Below is a listing; repeat exactly the lines from the one containing "apply: funext=> e; rewrite" to the one containing "(** * Polynomials in [x] over [K[y]] *)", both included.
---*---
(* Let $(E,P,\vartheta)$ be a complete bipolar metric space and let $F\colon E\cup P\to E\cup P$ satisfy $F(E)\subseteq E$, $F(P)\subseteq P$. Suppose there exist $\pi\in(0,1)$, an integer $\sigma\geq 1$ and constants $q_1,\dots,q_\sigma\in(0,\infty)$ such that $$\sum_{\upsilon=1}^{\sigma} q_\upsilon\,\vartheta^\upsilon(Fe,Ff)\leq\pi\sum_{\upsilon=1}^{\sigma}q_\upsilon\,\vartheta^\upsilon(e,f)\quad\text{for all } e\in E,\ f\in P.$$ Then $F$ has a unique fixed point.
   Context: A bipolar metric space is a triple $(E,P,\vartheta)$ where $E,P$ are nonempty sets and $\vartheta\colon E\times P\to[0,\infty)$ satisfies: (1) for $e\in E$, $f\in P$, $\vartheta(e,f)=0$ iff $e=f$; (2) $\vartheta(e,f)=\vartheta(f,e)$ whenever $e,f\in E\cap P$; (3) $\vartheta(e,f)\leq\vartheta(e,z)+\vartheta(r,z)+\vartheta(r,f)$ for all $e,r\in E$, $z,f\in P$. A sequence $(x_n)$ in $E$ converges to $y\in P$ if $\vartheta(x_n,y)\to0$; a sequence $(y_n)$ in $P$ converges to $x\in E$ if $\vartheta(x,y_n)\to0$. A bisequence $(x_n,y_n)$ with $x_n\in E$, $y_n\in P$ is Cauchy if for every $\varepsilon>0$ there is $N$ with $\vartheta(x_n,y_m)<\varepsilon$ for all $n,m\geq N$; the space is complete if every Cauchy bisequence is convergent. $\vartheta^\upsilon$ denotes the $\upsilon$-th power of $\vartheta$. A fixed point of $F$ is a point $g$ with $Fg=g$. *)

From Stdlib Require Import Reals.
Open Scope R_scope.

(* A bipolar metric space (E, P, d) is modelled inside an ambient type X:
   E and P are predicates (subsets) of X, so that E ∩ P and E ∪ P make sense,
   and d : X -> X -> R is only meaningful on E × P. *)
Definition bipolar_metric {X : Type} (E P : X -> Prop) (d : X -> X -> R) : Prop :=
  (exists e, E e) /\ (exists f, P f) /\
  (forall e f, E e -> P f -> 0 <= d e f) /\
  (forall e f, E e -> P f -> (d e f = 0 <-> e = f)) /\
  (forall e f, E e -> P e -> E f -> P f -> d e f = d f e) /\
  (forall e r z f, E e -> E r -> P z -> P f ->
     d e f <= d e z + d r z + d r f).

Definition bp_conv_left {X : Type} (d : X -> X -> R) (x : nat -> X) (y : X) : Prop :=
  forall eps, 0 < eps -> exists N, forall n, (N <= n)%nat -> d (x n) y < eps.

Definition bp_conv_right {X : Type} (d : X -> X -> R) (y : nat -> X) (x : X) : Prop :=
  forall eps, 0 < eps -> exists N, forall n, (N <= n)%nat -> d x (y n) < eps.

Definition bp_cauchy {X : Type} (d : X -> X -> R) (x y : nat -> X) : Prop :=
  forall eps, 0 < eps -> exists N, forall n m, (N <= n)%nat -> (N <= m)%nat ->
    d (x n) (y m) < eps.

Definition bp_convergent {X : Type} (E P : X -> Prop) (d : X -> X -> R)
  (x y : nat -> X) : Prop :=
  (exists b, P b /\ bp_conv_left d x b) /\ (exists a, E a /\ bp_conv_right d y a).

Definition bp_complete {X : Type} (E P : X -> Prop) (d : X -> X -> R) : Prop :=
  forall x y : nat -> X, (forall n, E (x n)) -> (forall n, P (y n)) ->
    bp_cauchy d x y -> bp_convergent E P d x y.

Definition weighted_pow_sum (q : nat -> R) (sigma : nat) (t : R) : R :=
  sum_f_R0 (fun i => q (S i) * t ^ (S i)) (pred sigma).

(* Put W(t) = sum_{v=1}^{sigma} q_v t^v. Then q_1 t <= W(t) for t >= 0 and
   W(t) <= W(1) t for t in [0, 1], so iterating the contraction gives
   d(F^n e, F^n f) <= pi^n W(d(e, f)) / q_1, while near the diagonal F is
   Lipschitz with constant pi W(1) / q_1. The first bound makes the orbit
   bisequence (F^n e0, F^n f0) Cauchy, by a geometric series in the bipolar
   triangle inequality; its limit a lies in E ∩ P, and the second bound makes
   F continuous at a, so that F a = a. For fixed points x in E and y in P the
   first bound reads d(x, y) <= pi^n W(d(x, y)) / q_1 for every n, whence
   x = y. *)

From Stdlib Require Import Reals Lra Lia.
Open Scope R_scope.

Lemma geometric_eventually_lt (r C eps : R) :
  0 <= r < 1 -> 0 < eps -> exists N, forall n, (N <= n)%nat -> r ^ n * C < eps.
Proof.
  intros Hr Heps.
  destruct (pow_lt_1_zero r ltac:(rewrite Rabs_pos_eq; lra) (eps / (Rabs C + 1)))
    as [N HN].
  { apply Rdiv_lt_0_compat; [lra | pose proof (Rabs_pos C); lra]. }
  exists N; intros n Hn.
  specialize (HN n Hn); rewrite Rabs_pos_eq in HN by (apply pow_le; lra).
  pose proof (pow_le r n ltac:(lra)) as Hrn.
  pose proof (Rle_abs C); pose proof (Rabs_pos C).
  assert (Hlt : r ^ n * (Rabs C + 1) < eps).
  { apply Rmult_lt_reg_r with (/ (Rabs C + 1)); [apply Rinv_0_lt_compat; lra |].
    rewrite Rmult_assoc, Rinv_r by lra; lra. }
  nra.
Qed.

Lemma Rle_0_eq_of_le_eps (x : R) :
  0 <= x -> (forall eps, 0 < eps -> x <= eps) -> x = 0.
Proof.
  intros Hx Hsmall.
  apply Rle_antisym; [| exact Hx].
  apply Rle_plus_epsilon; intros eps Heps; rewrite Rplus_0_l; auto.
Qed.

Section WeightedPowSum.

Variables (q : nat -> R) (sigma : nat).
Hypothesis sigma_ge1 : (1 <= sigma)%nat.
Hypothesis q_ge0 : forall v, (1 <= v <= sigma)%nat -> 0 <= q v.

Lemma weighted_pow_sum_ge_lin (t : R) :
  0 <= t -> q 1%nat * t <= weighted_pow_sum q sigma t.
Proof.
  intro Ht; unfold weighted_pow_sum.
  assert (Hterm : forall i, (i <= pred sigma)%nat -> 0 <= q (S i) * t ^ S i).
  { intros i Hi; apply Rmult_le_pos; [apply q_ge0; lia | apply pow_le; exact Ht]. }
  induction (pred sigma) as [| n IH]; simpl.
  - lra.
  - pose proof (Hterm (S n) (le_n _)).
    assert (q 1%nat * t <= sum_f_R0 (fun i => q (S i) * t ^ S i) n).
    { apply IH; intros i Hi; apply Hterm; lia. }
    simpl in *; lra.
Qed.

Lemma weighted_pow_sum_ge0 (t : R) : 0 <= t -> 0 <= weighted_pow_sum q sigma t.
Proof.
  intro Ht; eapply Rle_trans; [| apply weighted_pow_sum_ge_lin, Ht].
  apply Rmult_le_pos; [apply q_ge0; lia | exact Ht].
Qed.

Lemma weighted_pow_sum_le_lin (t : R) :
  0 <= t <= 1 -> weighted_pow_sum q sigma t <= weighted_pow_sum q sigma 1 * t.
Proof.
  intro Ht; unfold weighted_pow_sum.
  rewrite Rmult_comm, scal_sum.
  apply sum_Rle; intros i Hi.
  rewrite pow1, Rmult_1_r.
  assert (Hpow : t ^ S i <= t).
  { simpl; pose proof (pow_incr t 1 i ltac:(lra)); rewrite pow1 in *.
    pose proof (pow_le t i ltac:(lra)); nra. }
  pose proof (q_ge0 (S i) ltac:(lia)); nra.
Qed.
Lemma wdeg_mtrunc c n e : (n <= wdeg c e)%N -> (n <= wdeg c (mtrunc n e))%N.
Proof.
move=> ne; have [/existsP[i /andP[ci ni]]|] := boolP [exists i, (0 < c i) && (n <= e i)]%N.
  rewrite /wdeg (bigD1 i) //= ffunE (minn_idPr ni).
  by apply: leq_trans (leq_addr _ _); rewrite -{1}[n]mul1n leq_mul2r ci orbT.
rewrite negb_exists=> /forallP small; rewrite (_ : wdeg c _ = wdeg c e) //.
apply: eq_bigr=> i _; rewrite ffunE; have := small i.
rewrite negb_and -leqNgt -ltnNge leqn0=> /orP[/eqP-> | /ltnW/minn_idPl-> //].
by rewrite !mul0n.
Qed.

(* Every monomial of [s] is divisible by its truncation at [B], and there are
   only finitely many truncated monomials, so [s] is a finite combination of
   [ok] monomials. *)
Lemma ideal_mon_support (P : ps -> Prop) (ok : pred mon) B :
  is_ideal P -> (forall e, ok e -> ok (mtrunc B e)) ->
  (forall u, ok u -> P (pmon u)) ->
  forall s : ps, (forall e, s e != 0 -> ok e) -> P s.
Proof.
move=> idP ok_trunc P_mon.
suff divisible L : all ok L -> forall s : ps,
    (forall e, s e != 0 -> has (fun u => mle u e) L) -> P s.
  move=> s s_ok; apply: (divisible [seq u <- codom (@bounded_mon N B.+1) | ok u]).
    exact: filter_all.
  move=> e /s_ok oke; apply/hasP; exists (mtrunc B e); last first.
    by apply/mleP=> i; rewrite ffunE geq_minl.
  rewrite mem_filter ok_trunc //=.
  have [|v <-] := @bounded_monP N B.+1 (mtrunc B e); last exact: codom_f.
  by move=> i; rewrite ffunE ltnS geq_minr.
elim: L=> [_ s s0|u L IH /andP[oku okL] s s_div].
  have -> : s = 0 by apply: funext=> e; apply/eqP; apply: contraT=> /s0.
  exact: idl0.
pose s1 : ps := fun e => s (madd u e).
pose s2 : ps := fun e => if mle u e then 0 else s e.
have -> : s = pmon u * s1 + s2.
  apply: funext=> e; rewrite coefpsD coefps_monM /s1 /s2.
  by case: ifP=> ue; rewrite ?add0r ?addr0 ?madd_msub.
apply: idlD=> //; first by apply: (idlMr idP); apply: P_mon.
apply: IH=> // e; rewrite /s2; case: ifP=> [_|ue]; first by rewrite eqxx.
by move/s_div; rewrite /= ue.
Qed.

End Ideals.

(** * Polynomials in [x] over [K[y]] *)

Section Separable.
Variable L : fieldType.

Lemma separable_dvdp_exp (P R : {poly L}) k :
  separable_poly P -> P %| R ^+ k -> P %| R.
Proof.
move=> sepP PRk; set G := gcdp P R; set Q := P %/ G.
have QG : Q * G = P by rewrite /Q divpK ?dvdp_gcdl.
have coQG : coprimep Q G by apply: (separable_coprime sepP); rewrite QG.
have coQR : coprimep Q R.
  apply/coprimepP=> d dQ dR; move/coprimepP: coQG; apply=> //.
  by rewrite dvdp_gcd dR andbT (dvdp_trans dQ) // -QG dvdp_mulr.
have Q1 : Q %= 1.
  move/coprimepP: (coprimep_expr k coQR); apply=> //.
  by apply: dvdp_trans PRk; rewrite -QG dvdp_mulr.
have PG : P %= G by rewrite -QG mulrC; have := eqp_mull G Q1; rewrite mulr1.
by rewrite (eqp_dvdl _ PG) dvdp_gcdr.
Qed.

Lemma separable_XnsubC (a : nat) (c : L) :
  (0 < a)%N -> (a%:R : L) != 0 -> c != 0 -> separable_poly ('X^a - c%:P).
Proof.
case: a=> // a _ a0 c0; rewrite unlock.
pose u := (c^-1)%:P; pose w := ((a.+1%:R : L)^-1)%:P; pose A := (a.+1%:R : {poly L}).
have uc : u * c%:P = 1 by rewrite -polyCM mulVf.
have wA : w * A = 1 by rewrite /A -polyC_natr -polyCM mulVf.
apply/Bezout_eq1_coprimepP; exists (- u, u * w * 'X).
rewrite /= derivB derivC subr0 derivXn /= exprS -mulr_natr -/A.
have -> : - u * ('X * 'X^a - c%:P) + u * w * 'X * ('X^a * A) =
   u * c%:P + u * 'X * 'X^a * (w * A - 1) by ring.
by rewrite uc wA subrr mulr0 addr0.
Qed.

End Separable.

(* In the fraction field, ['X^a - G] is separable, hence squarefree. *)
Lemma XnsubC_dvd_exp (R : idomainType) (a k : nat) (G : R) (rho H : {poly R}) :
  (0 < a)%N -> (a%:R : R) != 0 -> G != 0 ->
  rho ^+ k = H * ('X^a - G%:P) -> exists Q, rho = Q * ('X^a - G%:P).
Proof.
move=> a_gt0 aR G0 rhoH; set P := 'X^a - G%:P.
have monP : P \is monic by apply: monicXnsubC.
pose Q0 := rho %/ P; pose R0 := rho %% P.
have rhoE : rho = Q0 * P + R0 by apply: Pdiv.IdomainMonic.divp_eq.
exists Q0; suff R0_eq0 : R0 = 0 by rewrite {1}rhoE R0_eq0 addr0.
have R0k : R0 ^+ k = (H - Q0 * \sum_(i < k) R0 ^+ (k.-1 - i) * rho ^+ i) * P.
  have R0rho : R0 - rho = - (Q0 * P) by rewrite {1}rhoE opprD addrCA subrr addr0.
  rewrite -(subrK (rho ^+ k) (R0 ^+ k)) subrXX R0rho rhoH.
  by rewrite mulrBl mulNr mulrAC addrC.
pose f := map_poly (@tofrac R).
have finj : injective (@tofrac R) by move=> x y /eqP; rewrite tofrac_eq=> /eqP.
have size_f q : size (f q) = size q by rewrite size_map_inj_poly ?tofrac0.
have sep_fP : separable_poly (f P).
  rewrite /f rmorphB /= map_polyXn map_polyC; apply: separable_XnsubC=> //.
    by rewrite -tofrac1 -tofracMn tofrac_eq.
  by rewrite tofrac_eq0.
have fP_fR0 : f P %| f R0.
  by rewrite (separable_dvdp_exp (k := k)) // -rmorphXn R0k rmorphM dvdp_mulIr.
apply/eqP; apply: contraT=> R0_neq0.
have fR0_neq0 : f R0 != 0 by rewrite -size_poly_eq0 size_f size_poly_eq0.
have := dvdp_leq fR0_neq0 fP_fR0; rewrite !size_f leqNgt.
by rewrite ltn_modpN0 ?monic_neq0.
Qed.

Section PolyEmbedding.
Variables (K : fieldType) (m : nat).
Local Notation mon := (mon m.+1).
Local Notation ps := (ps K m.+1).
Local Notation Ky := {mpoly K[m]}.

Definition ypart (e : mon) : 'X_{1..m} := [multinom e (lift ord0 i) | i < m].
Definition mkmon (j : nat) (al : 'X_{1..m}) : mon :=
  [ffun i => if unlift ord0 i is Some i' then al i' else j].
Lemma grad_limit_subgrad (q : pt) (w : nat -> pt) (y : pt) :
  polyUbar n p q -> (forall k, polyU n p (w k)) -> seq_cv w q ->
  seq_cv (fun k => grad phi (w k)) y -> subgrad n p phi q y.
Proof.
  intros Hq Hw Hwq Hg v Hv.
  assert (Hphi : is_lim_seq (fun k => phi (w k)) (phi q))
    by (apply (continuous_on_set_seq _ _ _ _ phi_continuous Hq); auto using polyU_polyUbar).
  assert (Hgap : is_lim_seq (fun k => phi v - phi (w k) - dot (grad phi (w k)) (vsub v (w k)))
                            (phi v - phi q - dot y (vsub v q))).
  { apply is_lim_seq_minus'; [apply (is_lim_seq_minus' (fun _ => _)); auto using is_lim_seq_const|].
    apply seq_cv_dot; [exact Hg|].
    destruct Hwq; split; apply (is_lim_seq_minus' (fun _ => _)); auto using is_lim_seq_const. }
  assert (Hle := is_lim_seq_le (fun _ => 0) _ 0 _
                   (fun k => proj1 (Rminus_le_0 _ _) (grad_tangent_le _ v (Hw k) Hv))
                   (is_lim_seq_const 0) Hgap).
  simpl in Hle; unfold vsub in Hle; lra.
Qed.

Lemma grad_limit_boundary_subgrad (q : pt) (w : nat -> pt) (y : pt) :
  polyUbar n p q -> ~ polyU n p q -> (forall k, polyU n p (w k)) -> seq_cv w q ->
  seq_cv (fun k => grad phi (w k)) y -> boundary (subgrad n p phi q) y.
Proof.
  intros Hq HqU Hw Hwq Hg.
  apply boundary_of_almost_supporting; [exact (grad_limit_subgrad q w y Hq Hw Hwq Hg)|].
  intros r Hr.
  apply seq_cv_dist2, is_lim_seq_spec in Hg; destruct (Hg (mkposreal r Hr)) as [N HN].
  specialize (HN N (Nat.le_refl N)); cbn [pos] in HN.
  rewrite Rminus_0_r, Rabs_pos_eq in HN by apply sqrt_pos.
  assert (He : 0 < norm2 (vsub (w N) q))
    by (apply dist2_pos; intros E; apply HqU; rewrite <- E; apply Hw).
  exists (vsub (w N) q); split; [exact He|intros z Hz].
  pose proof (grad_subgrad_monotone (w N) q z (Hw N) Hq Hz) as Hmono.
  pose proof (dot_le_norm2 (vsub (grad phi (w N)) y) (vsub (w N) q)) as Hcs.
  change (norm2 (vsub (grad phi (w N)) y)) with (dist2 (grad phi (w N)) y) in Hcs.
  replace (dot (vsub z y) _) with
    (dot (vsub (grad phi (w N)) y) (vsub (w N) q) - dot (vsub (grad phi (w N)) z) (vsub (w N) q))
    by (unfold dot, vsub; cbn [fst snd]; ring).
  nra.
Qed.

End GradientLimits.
---*---
### [Task output]
  apply: funext=> e; rewrite coefpsD coefps_monM /s1 /s2.
  by case: ifP=> ue; rewrite ?add0r ?addr0 ?madd_msub.
apply: idlD=> //; first by apply: (idlMr idP); apply: P_mon.
apply: IH=> // e; rewrite /s2; case: ifP=> [_|ue]; first by rewrite eqxx.
by move/s_div; rewrite /= ue.
Qed.

End Ideals.

(** * Polynomials in [x] over [K[y]] *)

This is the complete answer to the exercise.